He took his seat. Nobody replied. The bill was put upon its passage, and, instead of passing unanimously, as was generally supposed, and as, no doubt, it would, but for that speech, it received but few votes, and, of course, was lost.
Later, when asked by a friend why he had opposed the appropriation, Crockett gave this explanation:
“Several years ago I was one evening standing on the steps of the Capitol with some other members of Congress, when our attention was attracted by a great light over in Georgetown . It was evidently a large fire. We jumped into a hack and drove over as fast as we could. In spite of all that could be done, many houses were burned and many families made homeless, and, besides, some of them had lost all but the clothes they had on. The weather was very cold, and when I saw so many women and children suffering, I felt that something ought to be done for them. The next morning a bill was introduced appropriating $20,000 for their relief. We put aside all other business and rushed it through as soon as it could be done.
“The next summer, when it began to be time to think about the election, I concluded I would take a scout around among the boys of my district. I had no opposition there, but, as the election was some time off, I did not know what might turn up. When riding one day in a part of my district in which I was more of a stranger than any other, I saw a man in a field plowing and coming toward the road.

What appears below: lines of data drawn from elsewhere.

Lemma L0E x : Posz (L0 x) = (Posz (gamma 0 p0) + dl x)%R.
Proof. by rewrite PoszD gez0_abs. Qed.

(* Since delays are intrinsic, along an edge the initial lifted clock
   changes by the local clock difference. *)
Lemma L0_edge x y : e x y ->
  Posz (L0 y) = (Posz (L0 x) + ominus M (gamma 0 y) (gamma 0 x))%R.
Proof.
have [s [ps <-]] := connected p0 x => exy.
have ps_y : path e p0 (rcons s y) by rewrite rcons_path ps.
rewrite !L0E -addrA (dl_delay ps_y (last_rcons _ _ _)).
by rewrite delay_rcons -(dl_delay ps erefl).
Qed.

(* Hence the initial lifting is coherent: walk from p0 to x for the clock
   congruence, and use that local differences are at most one. *)
Lemma coherent_initial : coherent e M gamma L0 0.
Proof.
split=> [x|x y exy]; rewrite !lift0; last first.
  by rewrite -lez_nat -addn1 PoszD (L0_edge exy) lerD2l ominus_le1.
have [s [ps <-]] := connected p0 x.
elim/last_ind: s ps => [_|s y IH].
  by rewrite /L0 (@dl_delay p0 [::]) // addn0 modn_small.
rewrite rcons_path last_rcons => /andP[ps exy].
by apply: ominus_mod (L0_edge exy) => //; apply: IH.
Qed.

(* Delays are bounded by path lengths, so every initial lifted clock is at
   most bot0 + D. *)
Lemma L0_le_diameter D : (forall x, walk_le e p0 x D) ->
  forall x, L0 x <= gamma 0 p0 + D.
Proof.
move=> walk x; have [s [ps [lx size_s]]] := walk x.
rewrite leq_add2l -lez_nat gez0_abs // (dl_delay ps lx).
exact: le_trans (delay_le_size _ _ _ _) _.
Qed.
End InitialLifting.

Unset Implicit Arguments.

Theorem lemma3 (T : finType) (e : rel T) (M : nat) (D : nat)
  (gamma : nat -> config T) (p0 : T) (dl : T -> int) (k : int) (p : T) (t : nat) :
  (* graph: finite, connected, undirected, simple, n >= 2 *)
  1 < #|T| ->
  symmetric e -> irreflexive e ->
  (forall x y, exists s : seq T, path e x s /\ last x s = y) ->
  is_diameter e D ->
  (* clocks *)
  3 <= M ->
  (forall x, gamma 0 x < M) ->
  execution e M gamma ->
  WU0 e M (gamma 0) ->
  (* dl x = delta^0_(p0,x) (intrinsic delay), and p0 has all delays >= 0 *)
  (forall x (s : seq T), path e p0 s -> last p0 s = x -> dl x = delay M (gamma 0) p0 s) ->
  (forall x, (0 <= dl x)%R) ->
  (* k >= bot0 + D *)
  (Posz (gamma 0%N p0) + Posz D <= k)%R ->
  is_event gamma p t ->
  (* t_{p,k} is defined and t >= t_{p,k} *)
  (exists tpk, lifted gamma p0 dl p tpk = k /\
     (forall t', lifted gamma p0 dl p t' = k -> tpk <= t') /\ tpk <= t) ->
  forall q, (exists s : seq T, path e p s /\ last p s = q /\
                 (Posz (size s) <= lifted gamma p0 dl p t - k)%R) ->
  Cover e gamma p t q.
Proof.
move=> _ e_sym _ connected [diam _] M_ge3 gamma0_lt exec _ dl_delay dl_ge0 k_ge ev _
  q [s [ps [lq size_s]]].
have lifted_lift x t' :
    lifted gamma p0 dl x t' = Posz (lift gamma (L0 gamma p0 dl) x t').
  by rewrite /lifted /lift PoszD L0E.
apply: (cover_of_lift e_sym M_ge3 exec
  (coherent_initial gamma0_lt connected dl_delay dl_ge0)
  (L0_le_diameter dl_delay dl_ge0 (diam p0)) ev ps lq).
rewrite -lez_nat -lifted_lift !PoszD -lerBrDr.
exact: le_trans size_s (lerB (lexx _) k_ge).
Qed.
(* Let $1<\beta<\beta^*$, $L,L^*,\rho>0$, $\bar f\in\mathcal F(\beta^*,L^*,\rho)$ and $r>0$. Set $\gamma_\varepsilon=1/\log\varepsilon^{-2}$, $W_\varepsilon=\Big(\frac{L}{\varepsilon^2}\frac{(\beta+2)(2\beta+1)}{(2\pi)^{2\beta}(\beta-1)}\Big)^{1/(2\beta+1)}$, and define the filter $\lambda^*_k=1$ if $k\le\gamma_\varepsilon W_\varepsilon$ and $\lambda^*_k=\big[1-(k/W_\varepsilon)^{\beta-1}\big]_+$ if $k>\gamma_\varepsilon W_\varepsilon$. Then, as $\varepsilon\to0$, $$\sup_{f\in\mathcal F_{r,\beta,L}(\bar f)}R^\varepsilon[f,\lambda^*]\le(1+o(1))\,C(\beta,L)\,\varepsilon^{\frac{4\beta-4}{2\beta+1}},$$ with $C(\beta,L)=\frac13\Big(\frac{\beta-1}{2\pi(\beta+2)}\Big)^{\frac{2\beta-2}{2\beta+1}}\big(L(2\beta+1)\big)^{\frac3{2\beta+1}}$.
   Context: For an even $1$-periodic locally square integrable $g$, $g_k=\sqrt2\int_{-1/2}^{1/2}\cos(2\pi kt)g(t)dt$ and $\|g^{(\beta)}\|^2=\sum_{k\ge1}(2\pi k)^{2\beta}g_k^2$. $R^\varepsilon[f,h]=\sum_{k\ge1}(2\pi k)^2[(1-h_k)^2f_k^2+\varepsilon^2h_k^2]$ for a sequence $h\in[0,1]^{\mathbb N}$. $\mathcal F_0(\rho)$: locally square integrable, even, $1$-periodic $f$ with $|\int_{-1/2}^{1/2}f(t)\cos(2\pi t)dt|\ge\rho$; $\mathcal F(\beta^*,L^*,\rho)=\{f\in\mathcal F_0(\rho):\|f^{(\beta^* )}\|\le L^*\}$. $\mathcal F_{r,\beta,L}(\bar f)=\{\bar f+v:\ v\text{ even, 1-periodic},\ \sum_kv_k^2\le r^2,\ \sum_k(2\pi k)^{2\beta}v_k^2\le L\}$. *)

From HB Require Import structures.
From mathcomp Require Import all_boot all_order all_algebra.
From mathcomp Require Import all_classical all_reals all_analysis.
Set Implicit Arguments. Unset Strict Implicit. Unset Printing Implicit Defensive.
Import Order.TTheory GRing.Theory Num.Theory.
Import numFieldNormedType.Exports.
Local Open Scope classical_set_scope.
Local Open Scope ring_scope.

Section Defs.
Variable R : realType.

Definition even_fun (g : R -> R) := forall t, g (- t) = g t.
Definition periodic1 (g : R -> R) := forall t, g (t + 1) = g t.
Definition loc_sq_int (g : R -> R) :=
  measurable_fun setT g /\
  forall a b : R, (@lebesgue_measure R).-integrable `[a, b] (fun t => ((g t) ^+ 2)%:E).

I gauged my gait so that we should meet as he came to the fence. As he came up, I spoke to the man. He replied politely, but, as I thought, rather coldly.
“I began: ‘Well, friend, I am one of those unfortunate beings called candidates, and–’
“‘Yes, I know you; you are Colonel Crockett, I have seen you once before, and voted for you the last time you were elected. I suppose you are out electioneering now, but you had better not waste your time or mine. I shall not vote for you again.’
“This was a sockdolager . . . I begged him to tell me what was the matter.
“‘Well, Colonel, it is hardly worth-while to waste time or words upon it. I do not see how it can be mended, but you gave a vote last winter which shows that either you have not capacity to understand the Constitution, or that you are wanting in the honesty and firmness to be guided by it. In either case you are not the man to represent me. But I beg your pardon for expressing it in that way. I did not intend to avail myself of the privilege of the constituent to speak plainly to a candidate for the purpose of insulting or wounding you. I intend by it only to say that your understanding of the Constitution is very different from mine; and I will say to you what, but for my rudeness, I should not have said, that I believe you to be honest. . . . But an understanding of the Constitution different from mine I cannot overlook, because the Constitution, to be worth anything, must be held sacred, and rigidly observed in all its provisions. The man who wields power and misinterprets it is the more dangerous the more honest he is.’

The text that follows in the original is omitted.